Either answer would have been good enough. What he said, in her opinion, was stellar.
“Well, either way, you have no reason to fault yourself, and since it’s both, that erases any fault twice over. You did the ‘right’ thing, the noble thing. And, from what I’ve gathered from the bits and pieces I’ve put together since I’ve been coming over here, you kept on doing it for over three years.” Which, all things considered, made him one of the most patient men she had ever met.
“Lynn tried hard,” he said, feeling obligated to defend the woman who had finally walked out on him, on their son, without so much as a backward glance. He had to give her her due, he thought. It was only right. “She tried for three years, until she just couldn’t try anymore.” Maybe it was all his fault. He didn’t know anymore. “I shouldn’t have forced her,” he concluded quietly.
For a moment, Marnie debated holding her tongue.
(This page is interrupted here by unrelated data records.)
Lemma pt101_proj_line v : proj_line e101 v pt101.
Proof.
have [l _ lE] := repr_pi_RP (mknz e101_neq0).
by exists l, 0; rewrite lE scale0r addr0.
Qed.

Lemma halfflat_fiber x y : halfflat_set (x, y) <-> proj_line e101 (halfflat_dir x) y.
Proof.
rewrite /halfflat_set /x1 /x2 /y1 /y2 /y3 /=; split.
- move=> /(line_through_101 (RP1_coord_neq0 x)) [b [Y0E Y1E]].
  exists (hcn y 2), b; apply/matrixP => i j; rewrite (ord1 i) !mxE -hcnE.
  by case: j => [[|[|[|//]]] ?] /=; rewrite ?Y0E ?Y1E; ring.
- move=> [a [b yE]].
  rewrite (hcnE y (o3 0)) (hcnE y (o3 1)) (hcnE y (o3 2)) yE !mxE /=; ring.
Qed.

Lemma halfflat_bigcup : @halfflat_set R = \bigcup_(x in setT)
  ((fun q => (q, pt101)) @` setT `|` pair x @` proj_line e101 (halfflat_dir x)).
Proof.
apply/seteqP; split=> [[x y] /halfflat_fiber hf | z [x _ [[q _ <-] | [y y_line <-]]]].
- by exists x => //; right; exists y.
- exact/halfflat_fiber/pt101_proj_line.
- exact/halfflat_fiber.
Qed.

Lemma connected_halfflat : connected (@halfflat_set R).
Proof.
rewrite halfflat_bigcup; apply: bigcup_connected.
  by exists (pt10, pt101) => x _; left; exists pt10.
move=> x _; apply: connectedU.
- exists (x, pt101); split; first by exists x.
  by exists pt101 => //; exact: pt101_proj_line.
- apply: connected_continuous_image connected_RP1 _.
  exact: (continuous_pair (f := id) (fun=> cvg_id) (@cst_continuous _ _ pt101)).
- apply: connected_continuous_image (connected_proj_line (@e101_halfflat_dir_indep x)) _.
  exact: (continuous_pair (g := id) (@cst_continuous _ _ x) (fun=> cvg_id)).
Qed.

End HalfflatConnected.

Lemma rotation_kernel (K : realDomainType) (a b u v : K) : (a != 0) || (b != 0) ->
  a * u + b * v = 0 -> a * v - b * u = 0 -> u = 0 /\ v = 0.
Proof.
move=> ab_neq0 e1 e2.
have norm_neq0 : a ^+ 2 + b ^+ 2 != 0.
  rewrite paddr_eq0 ?sqr_ge0 // !sqrf_eq0; apply: contraL ab_neq0.
  by case/andP => /eqP -> /eqP ->; rewrite eqxx.
have u0 : (a ^+ 2 + b ^+ 2) * u = 0.
  have -> : (a ^+ 2 + b ^+ 2) * u = a * (a * u + b * v) - b * (a * v - b * u) by ring.
  by rewrite e1 e2 !mulr0 subrr.
have v0 : (a ^+ 2 + b ^+ 2) * v = 0.
  have -> : (a ^+ 2 + b ^+ 2) * v = b * (a * u + b * v) + a * (a * v - b * u) by ring.
  by rewrite e1 e2 !mulr0 addr0.
move: u0 v0 => /eqP; rewrite mulf_eq0 (negbTE norm_neq0) => /eqP ->.
by move=> /eqP; rewrite mulf_eq0 (negbTE norm_neq0) => /eqP ->.
Qed.

Lemma halfflat_hermitian (R : realType) (z : RP R 1 * RP R 2) : halfflat_set z ->
  is_p101 z.2 <-> hermitian_str z.
Proof.
rewrite /halfflat_set /is_p101 /hermitian_str /lam1 /lam2 /lam3 /lam4.
rewrite /x1 /x2 /y1 /y2 /y3 => hf.
split=> [[-> ->] | [_ herm]]; first by split; ring.
have herm' : hcn z.1 0 * (hcn z.2 0 - hcn z.2 2) - hcn z.1 1 * hcn z.2 1 = 0.
  by rewrite mulrBr herm; ring.
by have [-> /eqP] := rotation_kernel (RP1_coord_neq0 z.1) hf herm'; rewrite subr_eq0 => /eqP.
Qed.

Section Hat.
Variable K : comNzRingType.

Definition hat (a b c : K) : 'M[K]_3 := \matrix_(i, j)
  match val i, val j with
  | 0, 1 => - c | 0, 2 => b | 1, 0 => c | 1, 2 => - a | 2, 0 => - b | 2, 1 => a
  | _, _ => 0 end.

Lemma hat_skew a b c : (hat a b c)^T = - hat a b c.
Proof.
apply/matrixP => i j; rewrite !mxE.
by case: i => [[|[|[|//]]] ?]; case: j => [[|[|[|//]]] ?] /=; rewrite ?oppr0 ?opprK.
Qed.

Lemma hat_scale_add s a b c a' b' c' :
  hat (s * a + a') (s * b + b') (s * c + c') = s *: hat a b c + hat a' b' c'.
Proof.
apply/matrixP => i j; rewrite !mxE.
by case: i => [[|[|[|//]]] ?]; case: j => [[|[|[|//]]] ?] /=; ring.
Qed.

Lemma hat_commutator a b c a' b' c' :
  hat a b c *m hat a' b' c' - hat a' b' c' *m hat a b c =
  hat (b * c' - c * b') (c * a' - a * c') (a * b' - b * a').
Proof.
apply/matrixP => i j; rewrite !mxE !big_ord_recl !big_ord0 !mxE /=.
by case: i => [[|[|[|//]]] ?]; case: j => [[|[|[|//]]] ?] /=; ring.
Qed.

Lemma hat_inj a b c a' b' c' :
  hat a b c = hat a' b' c' -> [/\ a = a', b = b' & c = c'].
Proof.
move=> /matrixP e; move: (e (o3 2) (o3 1)) (e (o3 0) (o3 2)) (e (o3 1) (o3 0)).
by rewrite !mxE.
Qed.

End Hat.

Lemma skew_hatE (K : numDomainType) (A : 'M[K]_3) :
  A^T = - A -> A = hat (A (o3 2) (o3 1)) (A (o3 0) (o3 2)) (A (o3 1) (o3 0)).
Proof.
move=> /matrixP skewA.
have antisym i j : A j i = - A i j by move: (skewA i j); rewrite !mxE.
have diag0 i : A i i = 0.
  by apply/eqP; rewrite -eqNr -antisym.
apply/matrixP => i j; rewrite !mxE.
case: i => [[|[|[|//]]] i_lt]; case: j => [[|[|[|//]]] j_lt] /=;
  rewrite ?(bool_irrelevance i_lt isT) ?(bool_irrelevance j_lt isT) ?diag0 //;
  by rewrite antisym.
Qed.

(* The rewriting core of [simpc], which is much slower on large terms. *)
Ltac expand_complex := do ?
  [ rewrite -[- (_ +i* _)]/(_ +i* _)
  | rewrite -[(_ +i* _) - (_ +i* _)]/(_ +i* _)
  | rewrite -[(_ +i* _) + (_ +i* _)]/(_ +i* _)
  | rewrite -[(_ +i* _) * (_ +i* _)]/(_ +i* _) ].

Section Realification.
Variable R : realType.

Definition ccoord (u : 'rV[R]_6) (k : nat) : R[i] :=
  match k with
  | 0 => u 0 (o6 0) +i* u 0 (o6 1)
  | 1 => u 0 (o6 2) +i* u 0 (o6 3)
  | _ => u 0 (o6 4) +i* u 0 (o6 5)
  end.

Lemma ccoordD (a : R) u v k : ccoord (a *: u + v) k = a%:C * ccoord u k + ccoord v k.
Proof.
by case: k => [|[|k]]; rewrite /ccoord !mxE -complexr0; expand_complex; congr Complex; ring.
Qed.

Lemma ccoord_inj u v : (forall k, ccoord u k = ccoord v k) -> u = v.
Proof.
move=> e; move: (e 0%N) (e 1%N) (e 2%N) => -[e0 e1] [e2 e3] [e4 e5].
apply/matrixP => a j; rewrite (ord1 a).
by case: j => [[|[|[|[|[|[|//]]]]]] j_lt]; rewrite (bool_irrelevance j_lt isT).
Qed.

Lemma ccoord_surj z0 z1 z2 :
  exists u, [/\ ccoord u 0 = z0, ccoord u 1 = z1 & ccoord u 2 = z2].
Proof.
exists (\row_j match val j with
  | 0 => complex.Re z0 | 1 => complex.Im z0 | 2 => complex.Re z1
  | 3 => complex.Im z1 | 4 => complex.Re z2 | _ => complex.Im z2 end).
by rewrite /ccoord !mxE /=; case: z0; case: z1; case: z2.
Qed.

Lemma sum_ord6 (F : 'I_6 -> R) : \sum_(i < 6) F i =
  F (o6 0) + F (o6 1) + F (o6 2) + F (o6 3) + F (o6 4) + F (o6 5).
Proof.
rewrite !big_ord_recl big_ord0 addr0 !addrA.
by repeat congr (_ + _); congr F; apply: val_inj.
Qed.

Lemma ccoord_lie_bracket (X1 X2 c : R) u v :
  let m := - ((c * X2) +i* (c * X1)) in
  let w := lie_bracket X1 X2 c 0 c u v in
  [/\ ccoord w 0 = m * (ccoord u 1 * ccoord v 2 - ccoord u 2 * ccoord v 1),
      ccoord w 1 = m * (ccoord u 2 * ccoord v 0 - ccoord u 0 * ccoord v 2) &
      ccoord w 2 = m * (ccoord u 0 * ccoord v 1 - ccoord u 1 * ccoord v 0)].
Proof.
rewrite /ccoord /lie_bracket !mxE !sum_ord6 /de /E /=.
by split; expand_complex; congr Complex; ring.
Qed.

Lemma lie_bracket_iso_so3C (X1 X2 c : R) : (X1 != 0) || (X2 != 0) -> c != 0 ->
  iso_so3C (lie_bracket X1 X2 c 0 c).
Proof.
move=> X_neq0 c_neq0; set m : R[i] := - ((c * X2) +i* (c * X1)).
have m_neq0 : m != 0.
  rewrite oppr_eq0 eq_complex /= !mulf_eq0 (negbTE c_neq0) /=.
  by apply: contraL X_neq0 => /andP[/eqP -> /eqP ->]; rewrite eqxx.
pose phi u := hat (m * ccoord u 0) (m * ccoord u 1) (m * ccoord u 2).
exists phi; split.
- by move=> a u v; rewrite /phi !ccoordD -hat_scale_add; congr hat; ring.
- move=> u v /hat_inj[e0 e1 e2]; apply: ccoord_inj => -[|[|k]]; apply: (mulfI m_neq0) => //.
- by move=> u; rewrite /so3C /= /phi hat_skew.
- move=> A /skew_hatE ->.
  have [u [u0 u1 u2]] :=
    ccoord_surj (A (o3 2) (o3 1) / m) (A (o3 0) (o3 2) / m) (A (o3 1) (o3 0) / m).
  by exists u; rewrite /phi u0 u1 u2 ![m * (_ / m)]mulrC !divfK.
- move=> u v; have [b0 b1 b2] := ccoord_lie_bracket X1 X2 c u v.
  by rewrite /phi hat_commutator b0 b1 b2 -/m; congr hat; ring.
Qed.

End Realification.

Lemma p101_iso_so3C (R : realType) (z : RP R 1 * RP R 2) : is_p101 z.2 ->
  iso_so3C (lie_bracket (x1 z) (x2 z) (y1 z) (y2 z) (y3 z)).
Proof.
case=> y2_0 y13; rewrite /y1 /y2 /y3 y2_0 y13.
apply: lie_bracket_iso_so3C; first exact: RP1_coord_neq0.
by have := RP2_coord_neq0 z.2; rewrite y2_0 y13 eqxx /= orbb.
Qed.

Theorem proposition3p18 (R : realType) :
  (* the half-flat space is, over the projection onto RP^2, the blow-up of RP^2
     at [1:0:1]: it is identified with the standard model by a projective
     automorphism of the RP^1 factor, compatibly with the second projection *)
  (exists M : 'M[R]_2, M \in unitmx /\
     forall z : RP R 1 * RP R 2,
       halfflat_set z <-> blowup101 (projmap M z.1, z.2)) /\
  (* in particular it is connected *)
  connected (@halfflat_set R) /\
  (* the points over [1:0:1] are exactly the Hermitian ones *)
  (forall z : RP R 1 * RP R 2, halfflat_set z ->
     (is_p101 z.2 <-> hermitian_str z)) /\
  (* and the underlying Lie algebra is then so(3,C) *)
  (forall z : RP R 1 * RP R 2, halfflat_set z -> is_p101 z.2 ->
     iso_so3C (lie_bracket (x1 z) (x2 z) (y1 z) (y2 z) (y3 z))).
Proof.
split; first by exists (rot90 R); split; [exact: rot90_unitmx | exact: halfflat_blowup101].
split; first exact: connected_halfflat.
split; first exact: halfflat_hermitian.
by move=> z _; exact: p101_iso_so3C.
Qed.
After all, Asher’s actions, his feelings about his life, were his own business. But she wanted him not to lose sight of one very important point.
Her silence lasted less than thirty seconds.
“Maybe,” she allowed, “but if you hadn’t talked her into having the baby, that boy sleeping upstairs wouldn’t be here right
now, and personally, I think that would have been a huge loss for you.”
She was right, he thought. He couldn’t imagine life without Jace. Still, “Jace wears me out,” he told her with more than a touch of weariness.
“True.” She could see that the boy was a handful, even if he was on his best behavior with her. “But he also makes you smile. I’ve seen it. I think, ultimately, while your ex-wife wasn’t meant to be a mother, you were definitely meant to be a father. There’s a bond between you and Jace. Anyone can see that. And whether you want to admit it or not, your life would be very empty now without him.”
She had insight, he’d give her that.
Asher could feel himself smiling even though he wanted to appear solemn for at least a second longer. “And what makes you such an authority?”
She laughed then, her eyes shining with humor. “Haven’t you heard? I’m very wise.”
Asher looked at her for a long moment. “Yes,” he said without a trace of humor in his tone, “you are.”
If he didn’t let her go now, Asher thought, he never would.
Forcing himself to open the door for her, he said, “Well, it’s late and Jace and I have kept you far too long today. I really appreciate all your help—and your pep talk,” he added.
Marnie crossed the threshold and then turned around to look at him one last time before she drove away. “Did it do any good? The pep talk?” She wanted to know.
“Yeah,” he answered honestly, “it did.” He forced himself to stay where he was; otherwise who knew how long they would linger on the front step? “You’ll be back tomorrow?”
She nodded, then pretended to qualify her reply. “Unless one of the horses runs off with me.”
He took her answer in the spirit that it was given. “One way to prevent that. Keep your feet on the ground,” he advised.
Marnie nodded again as she finally took her leave. “I’ll try to remember that.”
But it was actually too late for that, she added silently. His kiss had seen to that.
* * *
Marnie bolted upright, her eyes wide open and staring. Seeing nothing.